Eleven studies found creative ways to combine different self-supervised learning strategies to pre-train their medical imaging models (Table 1). Over half of these studies (6/11) combined contrastive with generative approaches. With the exception of Ke et al.’s work68, which uses a CycleGAN for histopathology slide stain normalization, all studies utilized an autoencoder as their generative model when combined with contrastive strategies. A combination of contrastive and innate relationships was used in three studies. The innate relationship tasks range from augmentation prediction and patch positioning prediction69, rotation prediction70, and ultrasound video to speech correspondence prediction53. For the remaining two studies, Cornelissen et al. used a conditional GAN, and trained the generator network on endoscopic images of the esophagus to recolorize, inpaint and generate super-resolution images71. Because their tasks consisted of both inpainting (self-prediction) and super-resolution (generative), their approach was considered combined. Haghighi et al. combined three different SSL strategies (generative, innate relationship, self-prediction) by first training an auto-encoder and group instances with similar appearances based on the latent representations from the auto-encoder72. Then, the authors randomly cropped image patches at a fixed coordinate for all instances in the same group and assigned a pseudo label to the cropped patches at each coordinate. Finally, the cropped patches were randomly perturbed and a restoration autoencoder was trained simultaneously with a pseudo label classification objective. Eight of the studies that combined different strategies compared self-supervised pre-training with purely supervised approaches, all of which reported performance improvement (0.140–8.29%).


This review aims to aggregate the collective knowledge of prior works that applied SSL to medical classification tasks. By synthesizing the relevant literature, we provide consistent definitions for SSL techniques, categorize prior work by their pre-training strategies, and provide implementation guidelines based on lessons learned from prior work. While five studies reported a slight decrease in performance (0.980–4.51%), the majority of self-supervised pre-trained models led to a relative increased performances of 0.216–32.6% AUROC, 0.440–29.2% accuracy, and 0.137–14.3% F1 score over the same model architecture without SSL pre-training, including both ImageNet and random initialization (Fig. 4e). In Fig. 4c we show a comparison of different SSL strategies on the same downstream task, which suggests that a combined strategy tends to outperform other self-supervised categories. However, it is important to note that combined strategies are typically the proposed method in the manuscripts, and thus publication bias might have resulted in this trend. In Fig. 4d we additionally plot the performance of the two main types of fine-tuning strategies on the same task, and the graph tends to indicate that end-to-end fine-tuning leads to better performance regardless of the dataset size. In the presence of relevant data, we recommend implementing self-supervised learning strategies for training medical image classification models since our literature review indicated that self-supervised pre-training generally results in better model performance, especially when annotations are limited (Table 1).
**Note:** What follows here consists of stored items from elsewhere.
(* [c] puts no mass on the columns where [d2] vanishes, so they may get any
   weight; one dominating all [(d2 0 k)^-1] keeps [w] nondecreasing. *)
Let w (k : 'I_n) : C := if d2 0 k == 0 then \sum_i (d2 0 i)^-1 else (d2 0 k)^-1.

Fact w_nondecr (i j : 'I_n) : (i <= j)%N -> w i <= w j.
Proof.
move=> ij; have [d2_nonincr' d2_ge0] := d2_nonincr; rewrite /w.
have inv_le_sum k : (d2 0 k)^-1 <= \sum_i (d2 0 i)^-1.
  by rewrite (bigD1 k) //= lerDl sumr_ge0 // => l _; rewrite invr_ge0.
have [_|d2j] := eqVneq (d2 0 j) 0; first by case: ifP.
have d2j_pos : 0 < d2 0 j by rewrite lt0r d2j d2_ge0.
have d2i_pos : 0 < d2 0 i := lt_le_trans d2j_pos (d2_nonincr' _ _ ij).
by rewrite (gt_eqF d2i_pos) lef_pV2 ?posrE ?d2_nonincr'.
Qed.

Lemma sum_Pmat_le : \sum_j Pmat d1 d2 (widen_ord hsn j) j <= \sum_j \sum_k `|W k j| ^+ 2.
Proof.
have [d1_ge0 d2_ge0] := (d1_nonincr.2, d2_nonincr.2).
have Pmat_le : \sum_j Pmat d1 d2 (widen_ord hsn j) j <= \sum_j d1 0 j * w (widen_ord hsn j).
  apply: ler_sum => j _; rewrite mxE eqxx /w.
  by case: ifP => _; rewrite ?mulr_ge0 ?sumr_ge0 // => i _; rewrite invr_ge0.
have le_frobenius : \sum_j d1 0 j * \sum_k c j k * w k <= \sum_j \sum_k `|W k j| ^+ 2.
  apply: ler_sum => j _; rewrite mulr_sumr; apply: ler_sum => k _; rewrite /c V_entry /w.
  have [->|d2k] := eqVneq (d2 0 k) 0; first by rewrite !mul0r mulr0 exprn_ge0.
  have [->|d1j] := eqVneq (d1 0 j) 0; first by rewrite mul0r exprn_ge0.
  by rewrite le_eqVlt; apply/orP; left; apply/eqP; field; rewrite d2k d1j.
apply: le_trans Pmat_le (le_trans _ le_frobenius).
exact (substochastic_rearrangement_le hsn d1_nonincr.1 d1_ge0 c_ge0 c_row c_col w_nondecr).
Qed.
Lemma sumr_seq_count (I : finType) (M : nmodType) (s : seq I) (F : I -> M) :
  \sum_(i <- s) F i = \sum_i F i *+ count_mem i s.
Proof.
elim: s => [|a s IHs]; first by rewrite big_nil big1.
rewrite big_cons IHs /=; under [RHS]eq_bigr do rewrite mulrnDr.
rewrite big_split /=; congr (_ + _).
rewrite (bigD1 a) //= eqxx mulr1n big1 ?addr0 // => i /negbTE ia.
by rewrite eq_sym ia mulr0n.
Qed.

Lemma count_mem_flatten_nseq (I : finType) (x : I -> nat) i :
  count_mem i (flatten [seq nseq (x j) j | j <- enum I]) = x i.
Proof.
rewrite count_flatten -map_comp sumnE big_map big_enum /= (bigD1 i) //=.
rewrite count_nseq /= eqxx mul1n big1 ?addn0 // => j /negbTE ji.
by rewrite count_nseq /= ji.
Qed.

Section LightsOut.
Variables (l : nat) (T : finType) (e : rel T).

Lemma foldl_toggle (c : T -> 'Z_l) s v :
  foldl (toggle e) c s v = c v + \sum_(w <- s) (closed_nbhd e w v)%:R.
Proof.
elim: s c => [|w s IHs] c /=; first by rewrite big_nil addr0.
by rewrite IHs big_cons /toggle addrA.
Qed.

Lemma N_AWP : N_AW l e <->
  forall c : T -> 'Z_l, exists x : T -> 'Z_l,
    forall v, c v + \sum_w (closed_nbhd e w v)%:R * x w = 0.
Proof.
split=> [allW c | solv c].
- have [s sW] := allW c; exists (fun w => (count_mem w s)%:R) => v.
  rewrite -[RHS](sW v) foldl_toggle (sumr_seq_count s); congr (_ + _).
  by apply: eq_bigr => w _; rewrite mulr_natr.
- have [x xW] := solv c; exists (flatten [seq nseq (x w : nat) w | w <- enum T]) => v.
  rewrite foldl_toggle (sumr_seq_count (flatten _)) -[RHS](xW v); congr (_ + _).
  by apply: eq_bigr => w _; rewrite count_mem_flatten_nseq -[x w in RHS]natr_Zp mulr_natr.
Qed.

Definition nbhd_mx n (g : 'I_n -> T) : 'M['Z_l]_n :=
  \matrix_(i, j) (closed_nbhd e (g j) (g i))%:R.

Lemma nbhd_mx_mul n (g : 'I_n -> T) (x : T -> 'Z_l) i : bijective g ->
  (nbhd_mx g *m \col_j x (g j)) i 0 = \sum_w (closed_nbhd e w (g i))%:R * x w.
Proof.
move=> gbij; rewrite mxE [RHS](reindex g) /=; last exact: onW_bij.
by apply: eq_bigr => j _; rewrite !mxE.
Qed.

Lemma N_AW_unitmx n (g : 'I_n -> T) : bijective g ->
  N_AW l e <-> nbhd_mx g \in unitmx.
Proof.
move=> gbij; have [g' gK g'K] := gbij.
apply: iff_trans N_AWP _; apply: iff_sym; apply: iff_trans (unitmx_solvable _) _.
split=> [solvM c | solv b].
- have [y My] := solvM (\col_i - c (g i)); exists (fun w => y (g' w) 0) => v.
  have colE : \col_j y (g' (g j)) 0 = y.
    by apply/matrixP => i k; rewrite mxE gK (ord1 k).
  have := nbhd_mx_mul (fun w => y (g' w) 0) (g' v) gbij.
  by rewrite colE My mxE g'K => <-; rewrite subrr.
- have [x xW] := solv (fun v => - b (g' v) 0); exists (\col_j x (g j)).
  apply/matrixP => i k; rewrite (ord1 k) nbhd_mx_mul //.
  by move/eqP: (xW (g i)); rewrite gK addrC subr_eq0 => /eqP.
Qed.

End LightsOut.

Lemma eq_N_AW l (T : finType) (e1 e2 : rel T) : e1 =2 e2 -> N_AW l e1 <-> N_AW l e2.
Proof.
move=> e12; have toggleE c s : foldl (toggle e1) c s =1 foldl (toggle e2) c s.
  by move=> v; rewrite !foldl_toggle; under eq_bigr do rewrite /closed_nbhd e12.
by split=> W c; have [s sW] := W c; exists s => v; rewrite ?toggleE // -toggleE.
Qed.

Lemma eq_set2_pair (T : finType) (a b x y : T) : a != b ->
  ([set a; b] == [set x; y]) = ((a, b) \in [set (x, y); (y, x)]).
Proof.
move=> neq_ab; rewrite !inE !xpair_eqE; apply/eqP/idP => [Eab | ].
  have aE : a \in [set x; y] by rewrite -Eab set21.
  have bE : b \in [set x; y] by rewrite -Eab set22.
  by move: neq_ab; case/set2P: aE => ->; case/set2P: bE => ->; rewrite ?eqxx ?orbT.
by case/orP=> /andP[/eqP-> /eqP->] //; rewrite setUC.
Qed.

Lemma clique_set2 (T : finType) (e : rel T) x y : symmetric e ->
  [forall u in [set x; y], forall v in [set x; y], (u != v) ==> e u v] =
  (x != y) ==> e x y.
Proof.
move=> e_sym; apply/forall_inP/implyP => [clq neq_xy | exy u /set2P Hu].
  by have /forall_inP/(_ y (set22 _ _))/implyP := clq x (set21 _ _); apply.
apply/forall_inP => v /set2P Hv; apply/implyP.
by case: Hu Hv => -> [] ->; rewrite ?eqxx // e_sym eq_sym.
Qed.

Section SimpleGraph.
Variables (T : finType) (e : rel T).
Hypothesis e_simple : simple_graph e.

Lemma num_edges_handshake : (2 * num_edges e)%N = \sum_x \sum_y (e x y : nat).
Proof.
have [e_sym eirr] := e_simple.
have neq_of_edge x y : e x y -> x != y by apply: contraTneq => ->; rewrite eirr.
rewrite /num_edges; set E := [set A : {set T} | _]; rewrite pair_big /=.
have -> : \sum_(p : T * T) (e p.1 p.2 : nat) = \sum_(p | e p.1 p.2) 1.
  by rewrite [RHS]big_mkcond; apply: eq_bigr => p _; case: (e _ _).
rewrite (partition_big (fun p => [set p.1; p.2]) (mem E)) => [|[x y] /= exy].
  2: by rewrite inE cards2 neq_of_edge //= clique_set2 // exy implybT.
rewrite -sum1_card big_distrr /=.
apply: eq_bigr => _ /[!inE] /andP[/cards2P[x [y [nxy ->]]]].
rewrite clique_set2 // nxy /= => exy; rewrite muln1 sum1dep_card.
have -> : 2%N = #|[set (x, y); (y, x)]| by rewrite cards2 xpair_eqE (negbTE nxy).
apply: eq_card => -[a b]; rewrite !inE /=; case: (boolP (e a b)) => [eab | neab].
  by rewrite eq_set2_pair ?neq_of_edge // !inE.
by rewrite andFb; apply/negbTE; apply: contra neab => /orP[] /eqP[-> ->]; rewrite // e_sym.
Qed.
The types of medical images utilized for model development as well as the downstream classification task encompassed a wide range of medical domains and applications (Fig. 4a, b). The vast majority of the studies explored the clinical domain of radiology (47/79), of which 27 were focused on investigating abnormalities on chest imaging such as pneumonia, COVID-19, pleural effusion and pulmonary embolism (see Table 1). The choice of this domain is likely a combination of the availability of large-scale public chest datasets such as CheXpert73, RSPECT74, RadFusion75 and MIMIC-CXR76, as well as the motivation to solve acute or emerging healthcare threats, which was the case during the coronavirus pandemic45,46,48,67,77,78,79,80,81,82,83. The second most prevalent clinical domain was pathology (12/79). Similar to radiology, this field is centered around medical imaging in the form of whole slide images. The tasks were focused on histopathological classification, where the majority focused on colorectal cancer classification68,84,85,86,87. The remaining studies explored multiple other tasks and many focused on classification of malignant disorders such as breast cancer56,61,88, skin cancer89, and lung cancer59. A particularly interesting medical task that was explored was classification of psychiatric diseases or psychiatric traits using fMRI57,62,90. Current limited knowledge and understanding of possible imaging features arising in psychiatric diseases constitutes a major clinical challenge to making local annotations such as bounding boxes or segmentations on brain scans. In this case both Osin et al. and Hashimoto demonstrated that training a self-supervised framework could be beneficial to generate representative latent features of brain fMRIs before fine-tuning on image-level class labels57,90.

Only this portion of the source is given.